• **Data**:
(* Let $X$ be a locally compact metric space and $\Gamma$ a pseudo*group of local homeomorphisms of $X$ which is minimal and equicontinuous. Let $X_0$ be a relatively compact open subset of $X$, and fix $\chi\in C_c(X)_{>0}$ with $\chi=1$ on $X_0$. For $\zeta\in C_c(X)_{\ge0}$ and $\psi\in C_c(X)_{>0}$ set $$(\zeta:\psi)=\inf\Big\{\sum_{i=1}^n c_i \;\Big|\; \zeta\le\sum_{i=1}^n c_i\,\psi\circ\gamma_i^{-1},\ c_i>0,\ \gamma_i\in\Gamma,\ n\in\mathbb N\Big\}$$ and $L_\psi(\zeta)=(\zeta:\psi)/(\chi:\psi)$. If $\eta>0$ and $\xi,\xi'\in C_c(X)_{\ge0}$ satisfy $\xi+\xi'=\chi$, then there is $\delta>0$ such that for every $\psi\in C_c(X)_{>0}$ with $\mathrm{diam}(\mathrm{supp}\,\psi)<\delta$ and every $\zeta\in C_c(X_0)_{\ge0}$ we have $$L_\psi(\xi\zeta)+L_\psi(\xi'\zeta)\le(1+2\eta)L_\psi(\zeta).$$
   Context: A local homeomorphism of $X$ is a homeomorphism $\gamma$ from an open subset $\mathrm{Dom}(\gamma)$ onto an open subset $\mathrm{Range}(\gamma)$. A pseudo*group is a set $\Gamma$ of local homeomorphisms such that: (1) if $\gamma\in\Gamma$ and $U\subset\mathrm{Dom}(\gamma)$ is open then $\gamma|_U\in\Gamma$; (2) the identity of $X$ is in $\Gamma$; (3) if $\gamma,\gamma'\in\Gamma$ and $\mathrm{Dom}(\gamma')=\mathrm{Range}(\gamma)$ then $\gamma'\circ\gamma\in\Gamma$; (4) if $\gamma\in\Gamma$ then $\gamma^{-1}\in\Gamma$. Minimal: every orbit $\{\gamma x\mid\gamma\in\Gamma,x\in\mathrm{Dom}(\gamma)\}$ is dense. Equicontinuous: for every $\epsilon>0$ there is $\delta(\epsilon)>0$ with $d(\gamma x,\gamma x')\le\epsilon$ whenever $\gamma\in\Gamma$, $x,x'\in\mathrm{Dom}(\gamma)$, $d(x,x')<\delta(\epsilon)$. $C_c(X)$ is the space of real continuous compactly supported functions on $X$; $C_c(X)_{\ge0}=\{\zeta\in C_c(X)\mid\zeta\ge0\}$; $C_c(X)_{>0}=\{\zeta\in C_c(X)_{\ge0}\mid\zeta(x)>0$ for some $x\}$; $C_c(X_0)_{\ge0}$ denotes the nonnegative continuous functions with compact support contained in $X_0$ (viewed as functions on $X$ vanishing outside $X_0$). For $\psi\in C_c(X)$ and $\gamma\in\Gamma$, $\psi\circ\gamma^{-1}$ denotes the function on $X$ equal to $\psi(\gamma^{-1}x)$ on $\mathrm{Range}(\gamma)$ and $0$ outside $\mathrm{Range}(\gamma)$. *)

From HB Require Import structures.
From mathcomp Require Import all_boot all_order all_algebra.
From mathcomp Require Import all_classical all_reals all_analysis.
Set Implicit Arguments. Unset Strict Implicit. Unset Printing Implicit Defensive.
Import Order.TTheory GRing.Theory Num.Theory.
Import numFieldTopology.Exports.
Local Open Scope classical_set_scope.
Local Open Scope ring_scope.

(* A local homeomorphism of X: a homeomorphism from the open set lh_dom onto
   the open set lh_fun @` lh_dom, represented by a total function lh_fun
   (only its values on lh_dom matter) together with its inverse lh_inv
   (only its values on the range matter). *)
Record lhomeo (X : topologicalType) := LHomeo {
  lh_dom : set X;
  lh_fun : X -> X;
  lh_inv : X -> X;
  lh_dom_open : open lh_dom;
  lh_range_open : open (lh_fun @` lh_dom);
  lh_invK : forall x, lh_dom x -> lh_inv (lh_fun x) = x;
  lh_fun_cont : {within lh_dom, continuous lh_fun};
  lh_inv_cont : {within lh_fun @` lh_dom, continuous lh_inv}
}.
(* Let $n\ge 1$ and $q>1$. Any optimal strategy (one of maximum success probability) for the New Hats-on-a-line Game with $q$ hat colours and $n$ players is a restricted strategy.
   Context: The New Hats-on-a-line Game with $q$ colours and $n$ players: players $P_1,\dots,P_n$ stand in a line, and each player $P_i$ receives a hat whose colour $c_i$ is chosen uniformly at random from a fixed set of $q$ colours, independently of the other hats. Player $P_i$ sees exactly the hat colours $c_{i+1},\dots,c_n$. The players respond sequentially in the order $P_1,\dots,P_n$; each response is either a colour (a guess of one's own hat colour) or ''pass'', and each player hears all previous responses. No other communication is allowed, apart from agreeing on a strategy beforehand. A strategy specifies (deterministically), for each player $P_i$, his response as a function of the colours he sees and the responses he has heard. The players win if at least one player guesses correctly and no player guesses incorrectly; the success probability of a strategy is the probability that the players win. A strategy is restricted if, for every configuration of hats $(c_1,\dots,c_n)$, any guess made by a player other than $P_1$ is correct. *)

From mathcomp Require Import all_boot all_order all_algebra.
Set Implicit Arguments. Unset Strict Implicit. Unset Printing Implicit Defensive.
Import GRing.Theory Num.Theory.

(* Hat configurations: player i (0-indexed, P_1 is index 0) wears colour c i. *)
Definition config (n q : nat) := {ffun 'I_n -> 'I_q}.

(* A response: Some k = guess colour k, None = pass. *)
Definition response (q : nat) := option 'I_q.

(* A (deterministic) strategy: player i's response as a function of the hat
   configuration and the sequence of responses heard so far (responses of
   players 0..i-1, in order).  Admissibility below forces the dependence on
   the configuration to be only through the hats player i sees. *)
Definition strategy (n q : nat) := 'I_n -> config n q -> seq (response q) -> response q.

Definition admissible n q (s : strategy n q) : Prop :=
  forall (i : 'I_n) (c c' : config n q) (h : seq (response q)),
    (forall j : 'I_n, i < j -> c j = c' j) -> s i c h = s i c' h.

Fixpoint history n q (s : strategy n q) (c : config n q) (k : nat) : seq (response q) :=
  match k with
  | 0 => [::]
  | k'.+1 =>
      let h := history s c k' in
      match insub k' with
      | Some i => rcons h (s i c h)
      | None => h
      end
  end.

Definition resp n q (s : strategy n q) (c : config n q) (i : 'I_n) : response q :=
  nth None (history s c n) i.

Definition wins n q (s : strategy n q) (c : config n q) : bool :=
  [exists i, resp s c i == Some (c i)] &&
  [forall i, (resp s c i != None) ==> (resp s c i == Some (c i))].

Definition success_prob n q (s : strategy n q) : rat :=
  (#|[set c : config n q | wins s c]|%:R / (#|{: config n q}|)%:R)%R.

Definition optimal n q (s : strategy n q) : Prop :=
  admissible s /\
  forall s' : strategy n q, admissible s' -> (success_prob s' <= success_prob s)%R.

Definition restricted n q (s : strategy n q) : Prop :=
  forall (c : config n q) (i : 'I_n), 0 < i -> resp s c i != None ->
    resp s c i = Some (c i).

From mathcomp Require Import all_boot all_order all_algebra.
Set Implicit Arguments. Unset Strict Implicit. Unset Printing Implicit Defensive.
Import Order.TTheory GRing.Theory Num.Theory.

(* Given any strategy s, let P_1 pass exactly when the others, playing s with
   P_1 muted, are going to win (P_1 sees all their hats), and otherwise guess
   as in s while everybody else passes.  This wins whenever s wins.  If some
   P_i with i > 0 guesses wrongly on c under s, then s loses on all q
   configurations that differ from c only in P_1's hat, whereas the new
   strategy wins on at least one of them; so s was not optimal. *)

Lemma historyS n q (s : strategy n q) c k (Hk : k < n) :
  history s c k.+1 = rcons (history s c k) (s (Ordinal Hk) c (history s c k)).
Proof.
rewrite /=; case: insubP => [i _ Hi|]; last by rewrite Hk.
by congr (rcons _ (s _ _ _)); apply: val_inj.
Qed.

Lemma size_history n q (s : strategy n q) c k : k <= n -> size (history s c k) = k.
Proof.
elim: k => // k IH Hk; rewrite (historyS s c Hk) size_rcons IH //.
exact: ltnW.
Qed.

Lemma nth_history n q (s : strategy n q) c k (i : 'I_n) :
  i < k -> k <= n -> nth None (history s c k) i = s i c (history s c i).
Proof.
elim: k => // k IH Hi Hk.
rewrite (historyS s c Hk) nth_rcons size_history; last exact: ltnW.
have [lt|eq|gt] := ltngtP i k.
- by rewrite (IH lt (ltnW Hk)).
- by rewrite ltnS leqNgt eq in Hi.
- by rewrite gt; congr s; apply: val_inj.
Qed.

Lemma respE n q (s : strategy n q) c (i : 'I_n) :
  resp s c i = s i c (history s c i).
Proof. exact: nth_history. Qed.

Lemma eq_history n q (s1 s2 : strategy n q) c1 c2 :
  (forall i : 'I_n, s1 i c1 (history s1 c1 i) = s2 i c2 (history s1 c1 i)) ->
  forall k, history s1 c1 k = history s2 c2 k.
Proof.
move=> E; elim=> //= k IH; case: insubP => [i _ Hi|_]; last by rewrite IH.
by rewrite -IH -Hi E.
Qed.

Lemma eq_wins n q (s1 s2 : strategy n q) c1 c2 :
  (forall i, resp s1 c1 i = resp s2 c2 i) ->
  (forall i, resp s1 c1 i != None -> c1 i = c2 i) ->
  wins s1 c1 = wins s2 c2.
Proof.
move=> Er Ec; rewrite /wins; congr andb.
  apply: eq_existsb => i; move: (Ec i); rewrite -Er.
  by case: (resp s1 c1 i) => // r /(_ isT) ->.
apply: eq_forallb => i; move: (Ec i); rewrite -Er.
by case: (resp s1 c1 i) => // r /(_ isT) ->.
Qed.

Lemma nth_history0 n q (s : strategy n.+1 q) c k :
  0 < k -> k <= n.+1 -> nth None (history s c k) 0 = s ord0 c [::].
Proof. exact: (@nth_history _ _ s c k ord0). Qed.

Section FirstPlayerHat.

Variables (n q : nat) (s : strategy n.+1 q).
Hypothesis adm : admissible s.
Variables c c' : config n.+1 q.
Hypothesis agree : forall j : 'I_n.+1, 0 < j -> c j = c' j.

Lemma history_indep_first k : history s c k = history s c' k.
Proof.
apply: eq_history => i; apply: adm => j ij; apply: agree.
exact: leq_ltn_trans ij.
Qed.

Lemma resp_indep_first i : resp s c i = resp s c' i.
Proof. by rewrite /resp history_indep_first. Qed.

Lemma wins_indep_first : (forall h, s ord0 c h = None) -> wins s c = wins s c'.
Proof.
move=> pass0; apply: eq_wins => [|i]; first exact: resp_indep_first.
have [i0|ipos] := posnP i; last by rewrite agree.
by rewrite (_ : i = ord0) ?respE ?pass0 ?eqxx //; apply: val_inj.
Qed.

Lemma wrong_guess_loses_indep_first (i : 'I_n.+1) : 0 < i ->
  resp s c i != None -> resp s c i != Some (c i) -> ~~ wins s c'.
Proof.
move=> ipos guess_i wrong_i; apply/negP; rewrite /wins => /andP [_ /forallP /(_ i)].
by rewrite -resp_indep_first -agree // (negbTE guess_i) (negbTE wrong_i).
Qed.

End FirstPlayerHat.

Section SignallingStrategy.

Variables (n q : nat) (s : strategy n.+1 q) (x0 : 'I_q).

Definition mute_first : strategy n.+1 q :=
  fun i c h => if i == 0 :> nat then None else s i c h.

Definition first_guess (c : config n.+1 q) : 'I_q := odflt x0 (s ord0 c [::]).

Definition signal_first : strategy n.+1 q :=
  fun i c h => if i == 0 :> nat then
     (if wins mute_first c then None else Some (first_guess c))
   else (if nth None h 0 is None then s i c h else None).

Lemma mute_first_admissible : admissible s -> admissible mute_first.
Proof. by move=> adm i c c' h agr; rewrite /mute_first (adm i c c' h agr). Qed.

Lemma signal_first_admissible : admissible s -> admissible signal_first.
Proof.
move=> adm i c c' h agr; rewrite /signal_first /first_guess.
case: eqP => [i0|_]; last by rewrite (adm i c c' h agr).
have agr0 (j : 'I_n.+1) : 0 < j -> c j = c' j by move=> j0; apply: agr; rewrite i0.
rewrite (@wins_indep_first _ _ _ (mute_first_admissible adm) c c') //.
by rewrite (adm ord0 c c').
Qed.

Lemma wins_signal_first c :
  wins signal_first c = wins mute_first c || (first_guess c == c ord0).
Proof.
have [W|W] := boolP (wins mute_first c).
  have Eh k : history mute_first c k = history signal_first c k.
    apply: eq_history => i; rewrite /signal_first W /mute_first.
    case: eqP => // /eqP i0.
    by rewrite nth_history0 ?lt0n //= ltnW.
  by rewrite (@eq_wins _ _ _ mute_first c c) ?W // => i; rewrite /resp Eh.
have R i : resp signal_first c i =
    if i == ord0 then Some (first_guess c) else None.
  rewrite respE /signal_first (negbTE W); case: eqP => [i0|/eqP i0].
    by rewrite (_ : i = ord0) ?eqxx //; apply: val_inj.
  rewrite ifN; last by apply: contra i0 => /eqP ->.
  rewrite nth_history0 ?lt0n //=; last exact: ltnW.
  by move/negbTE: W => ->.
rewrite /wins; apply/idP/idP.
  case/andP => /existsP [i]; rewrite R.
  by case: (i =P ord0) => [->|_] // /eqP [->].
move=> /eqP E; apply/andP; split.
  by apply/existsP; exists ord0; rewrite R eqxx E.
by apply/forallP => i; rewrite R; case: ifP => //= /eqP ->; rewrite E.
Qed.

Lemma wins_signal_first_of_wins c : wins s c -> wins signal_first c.
Proof.
move=> W; rewrite wins_signal_first; case E: (s ord0 c [::]) => [g|].
  move: W; rewrite /wins => /andP [_ /forallP /(_ ord0)].
  by rewrite respE /= E /first_guess E /= => /eqP [->]; rewrite eqxx orbT.
apply/orP; left.
have Eh k : history s c k = history mute_first c k.
  apply: eq_history => i; rewrite /mute_first; case: eqP => // /eqP i0.
  by rewrite (_ : i = ord0); [exact: E | apply/val_inj/eqP].
by rewrite -(@eq_wins _ _ s mute_first c c) // => i; rewrite /resp Eh.
Qed.

Lemma signal_first_wins_indep_first (c : config n.+1 q) : admissible s ->
  exists2 c' : config n.+1 q,
    (forall j : 'I_n.+1, 0 < j -> c j = c' j) & wins signal_first c'.
Proof.
move=> adm; have [W|W] := boolP (wins mute_first c).
  by exists c => //; rewrite wins_signal_first W.
pose c' : config n.+1 q := [ffun j => if j == ord0 then first_guess c else c j].
have agr (j : 'I_n.+1) : 0 < j -> c j = c' j.
  by rewrite ffunE; case: eqP => // ->.
exists c' => //; rewrite wins_signal_first /first_guess (adm ord0 c' c) => [|j /agr //].
by rewrite ffunE !eqxx orbT.
Qed.

End SignallingStrategy.

Lemma success_prob_lt n q (s t : strategy n q) :
  [set c | wins s c] \proper [set c | wins t c] -> (success_prob s < success_prob t)%R.
Proof.
move=> sub; rewrite /success_prob ltr_pM2r ?ltr_nat ?proper_card //.
rewrite invr_gt0 ltr0n; case/properP: sub => _ [c _ _].
by apply/card_gt0P; exists c.
Qed.

Theorem lemma4 (n q : nat) (hn : 1 <= n) (hq : 1 < q) (s : strategy n q) :
  optimal s -> restricted s.
Proof.
case: n hn s => [//|n] _ s [adm opt] c i ipos guess_i; apply/eqP.
apply: contraT => wrong_i.
pose x0 : 'I_q := Ordinal (ltnW hq).
have [c' agr win'] := signal_first_wins_indep_first x0 c adm.
have := opt _ (signal_first_admissible x0 adm).
rewrite leNgt success_prob_lt //; apply/properP; split.
  by apply/subsetP => x; rewrite !inE; apply: wins_signal_first_of_wins.
exists c'; rewrite inE //.
exact: (wrong_guess_loses_indep_first adm agr ipos guess_i wrong_i).
Qed.
Lemma Expect_union_weight_le : Expect p union_weight <= n%:R `^ (- r).
Proof.
apply: le_trans (sum_sizes_le_powR n r).
rewrite Expect_sum [leRHS](bigID (fun m : 'I_n => (m.+1%:R <= alpha * n%:R)%R)) /=.
apply: ler_wpDr; first by apply: sumr_ge0 => ? _; exact: expR_ge0.
apply: ler_sum => m hma.
have hm : (1 <= m.+1 <= n)%N by rewrite ltn_ord.
apply: le_trans (union_count_le hm c1_ge1 alpha_gt0 wvar_gt0 r_ge1).
rewrite Expect_sum; under eq_bigr do rewrite Expect_sum.
under eq_bigr do under eq_bigr do rewrite Expect_sum.
exact: Expect_size_term.
Qed.

Lemma bounded_event_prob :
  1 - n%:R `^ (- r) <= Prob p (bounded_event p w alpha (Num.sqrt (128 * c1)) r).
Proof.
apply: le_trans (Prob_ge_Markov hp union_weight_ge0 union_weight_ge1).
by rewrite lerD2l lerN2 Expect_union_weight_le.
Qed.

End UnionBound.

Unset Implicit Arguments.

Theorem mainTheorem12 (R : realType) (c0 : R) (hc0 : 0 < c0) :
  exists C : R, 0 < C /\
  forall (n L : nat) (p : 'I_L -> 'I_n -> 'I_n -> R) (w : 'I_L -> R)
         (alpha r : R),
    (forall l i j, 0 <= p l i j <= 1) ->
    (forall l, 0 < w l) ->
    \sum_(l < L) w l = 1 ->
    w_inf w * \sum_(l < L) w l * dl p l
      <= c0 * \sum_(l < L) w l ^+ 2 * dl p l ->
    0 < alpha -> 1 <= r ->
    Prob p (fun x =>
      forall (m : nat), (1 <= m <= n)%N -> m%:R <= alpha * n%:R ->
      forall I J : {set 'I_n}, #|I| = m -> #|J| = m ->
      let I' := [set i in I |
                  \sum_(j in J) Abar w x i j <= alpha * \sum_(l < L) w l * dl p l] in
      norm_inf2 (Abar w x - EAbar p w) I' J
        <= C * Num.sqrt (alpha * (\sum_(l < L) w l ^+ 2 * dl p l) * m%:R * r
                         * ln (expR 1 * n%:R / m%:R)))
    >= 1 - n%:R `^ (- r).
Proof.
exists (Num.sqrt (128 * (1 + c0))); split; first by rewrite sqrtr_gt0; lra.
move=> n L p w alpha r hp hw _ hc alpha_gt0 r_ge1.
have [S0|S_neq0] := eqVneq (wvar p w) 0.
  apply: le_trans (Prob_ge_Markov hp (f := fun _ => 0) (fun _ => lexx 0) _).
    by rewrite /Expect big1 => [|x _]; rewrite ?mulr0 // subr0 lerBlDr lerDl powR_ge0.
  by move=> x []; apply: bounded_event_degenerate.
have S_gt0 : 0 < wvar p w by rewrite lt_def S_neq0 wvar_ge0.
apply: (@bounded_event_prob _ _ _ p w alpha r (1 + c0)) => //.
- by move=> l; exact: ltW.
- lra.
- by apply: le_trans hc _; apply: ler_wpM2r; [exact: wvar_ge0 | lra].
Qed.
(* Let $q$ be a power of $2$. For $i=1,\dots,k$, let $b_i\in\mathbb{F}_q^*$, let $\delta\in\mathbb{F}_{q^2}$, and let $s_i$ be positive integers with $s_iq\equiv s_i\pmod{q^2-1}$. Then the polynomial $$P(x)=\sum_{i=1}^k b_i(x^q+x+\delta)^{s_i}+x$$ is an involution over $\mathbb{F}_{q^2}$.
   Context: A polynomial $P$ is an involution over $\mathbb{F}_{q^2}$ if it is a permutation polynomial of $\mathbb{F}_{q^2}$ equal to its own compositional inverse, i.e. $P(P(c))=c$ for all $c\in\mathbb{F}_{q^2}$. *)

From mathcomp Require Import all_boot all_order all_algebra all_field.
Set Implicit Arguments. Unset Strict Implicit. Unset Printing Implicit Defensive.
Import GRing.Theory.
Local Open Scope ring_scope.

Definition is_involution_poly (F : finFieldType) (P : {poly F}) : Prop :=
  bijective (fun c : F => P.[c]) /\ forall c : F, P.[P.[c]] = c.

Definition inv_poly (F : finFieldType) (q k : nat) (b : 'I_k -> F)
    (s : 'I_k -> nat) (delta : F) : {poly F} :=
  \sum_(i < k) b i *: ('X^q + 'X + delta%:P) ^+ s i + 'X.

From mathcomp Require Import all_boot all_order all_algebra all_field.
Set Implicit Arguments. Unset Strict Implicit. Unset Printing Implicit Defensive.
Import GRing.Theory.
Local Open Scope ring_scope.

(* In characteristic 2 with q a power of 2, write T(x) = x^q + x + delta and
   P(x) = g(T(x)) + x, where g(y) = sum_i b_i y^(s_i).  Every value of g is
   fixed by y |-> y^q, because b_i is and s_i q = s_i mod (q^2 - 1).  Adding
   a q-fixed element u to x does not change T(x), since u^q + u = 2u = 0;
   hence T(P(x)) = T(x) and P(P(x)) = g(T(x)) + g(T(x)) + x = x. *)

Section FrobeniusFixed.

Variables (R : comNzRingType) (q : nat).
Hypothesis pcharR_q : [pchar R].-nat q.

Lemma expr_sum_fixed (I : Type) (r : seq I) (P : pred I) (E : I -> R) :
    (forall i, P i -> E i ^+ q = E i) ->
  (\sum_(i <- r | P i) E i) ^+ q = \sum_(i <- r | P i) E i.
Proof.
move=> fixE; apply: (big_ind (fun z : R => z ^+ q = z)) => //.
- by case/andP: pcharR_q => q_gt0 _; rewrite expr0n eqn0Ngt q_gt0.
- by move=> u v fix_u fix_v; rewrite exprDn_pchar // fix_u fix_v.
Qed.

Hypothesis pcharR2 : 2%N \in [pchar R].

Lemma addr_fixed_trace (u x : R) : u ^+ q = u ->
  (u + x) ^+ q + (u + x) = x ^+ q + x.
Proof.
by move=> fix_u; rewrite exprDn_pchar // fix_u addrACA addrr_pchar2 ?add0r.
Qed.

Lemma fixed_trace_involutive (delta : R) (g : R -> R) :
    (forall y, g y ^+ q = g y) ->
  involutive (fun x => g (x ^+ q + x + delta) + x).
Proof.
by move=> fix_g x /=; rewrite addr_fixed_trace // addKr_pchar2.
Qed.

End FrobeniusFixed.

Lemma exprM_fixed_card (F : finFieldType) (x : F) (s q : nat) :
    (0 < s)%N -> (0 < q)%N -> (s * q = s %[mod #|F| - 1])%N ->
  (x ^+ s) ^+ q = x ^+ s.
Proof.
move=> s_gt0 q_gt0 sq_eq_s; rewrite -exprM.
have [->|x_neq0] := eqVneq x 0.
  by rewrite !expr0n muln_eq0 !eqn0Ngt s_gt0 q_gt0.
have x_unit_order : x ^+ (#|F| - 1) = 1.
  apply: (mulIf x_neq0); rewrite mul1r -exprSr subn1 prednK ?expf_card //.
  by apply/card_gt0P; exists x.
by rewrite -(expr_mod _ x_unit_order) sq_eq_s expr_mod.
Qed.

Lemma horner_inv_poly (F : finFieldType) (q k : nat) (b : 'I_k -> F)
    (s : 'I_k -> nat) (delta x : F) :
  (inv_poly q b s delta).[x] =
    \sum_(i < k) b i * (x ^+ q + x + delta) ^+ s i + x.
Proof.
rewrite /inv_poly hornerD hornerX horner_sum; congr (_ + _).
by apply: eq_bigr => i _; rewrite hornerZ !hornerE.
Qed.

Theorem theorem3p1 (F : finFieldType) (m : nat) (q : nat)
    (hq : q = (2 ^ m)%N) (hF : #|F| = (q ^ 2)%N)
    (k : nat) (b : 'I_k -> F) (s : 'I_k -> nat) (delta : F)
    (hb : forall i, b i != 0 /\ b i ^+ q = b i)
    (hs : forall i, (0 < s i)%N /\ (s i * q = s i %[mod q ^ 2 - 1])%N) :
  is_involution_poly (inv_poly q b s delta).
Proof.
have pcharF2 : 2%N \in [pchar F].
  by apply: (@card_finPcharP F 2 (m * 2)); rewrite // hF hq -expnM.
have pcharF_q : [pchar F].-nat q.
  by rewrite (eq_pnat _ (pcharf_eq pcharF2)) hq pnatX pnat_id.
pose g (y : F) := \sum_(i < k) b i * y ^+ s i.
have fix_g y : g y ^+ q = g y.
  apply: expr_sum_fixed => // i _; have [_ fix_bi] := hb i.
  have [s_gt0 sq_eq_s] := hs i.
  by rewrite exprMn fix_bi exprM_fixed_card ?hF // hq expn_gt0.
have P_involutive : involutive (horner (inv_poly q b s delta)).
  move=> x; rewrite !horner_inv_poly -/(g _) -/(g _).
  exact: (fixed_trace_involutive pcharF_q pcharF2 delta fix_g).
by split; [apply: inv_bij | ].
Qed.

• **What is being asked**: Beginning with the line containing "by apply/existsP; exists" in the material above, copy every line exactly until you have copied the line containing "move=> adm; have".

• **Task output**:
  by apply/existsP; exists ord0; rewrite R eqxx E.
by apply/forallP => i; rewrite R; case: ifP => //= /eqP ->; rewrite E.
Qed.

Lemma wins_signal_first_of_wins c : wins s c -> wins signal_first c.
Proof.
move=> W; rewrite wins_signal_first; case E: (s ord0 c [::]) => [g|].
  move: W; rewrite /wins => /andP [_ /forallP /(_ ord0)].
  by rewrite respE /= E /first_guess E /= => /eqP [->]; rewrite eqxx orbT.
apply/orP; left.
have Eh k : history s c k = history mute_first c k.
  apply: eq_history => i; rewrite /mute_first; case: eqP => // /eqP i0.
  by rewrite (_ : i = ord0); [exact: E | apply/val_inj/eqP].
by rewrite -(@eq_wins _ _ s mute_first c c) // => i; rewrite /resp Eh.
Qed.

Lemma signal_first_wins_indep_first (c : config n.+1 q) : admissible s ->
  exists2 c' : config n.+1 q,
    (forall j : 'I_n.+1, 0 < j -> c j = c' j) & wins signal_first c'.
Proof.
move=> adm; have [W|W] := boolP (wins mute_first c).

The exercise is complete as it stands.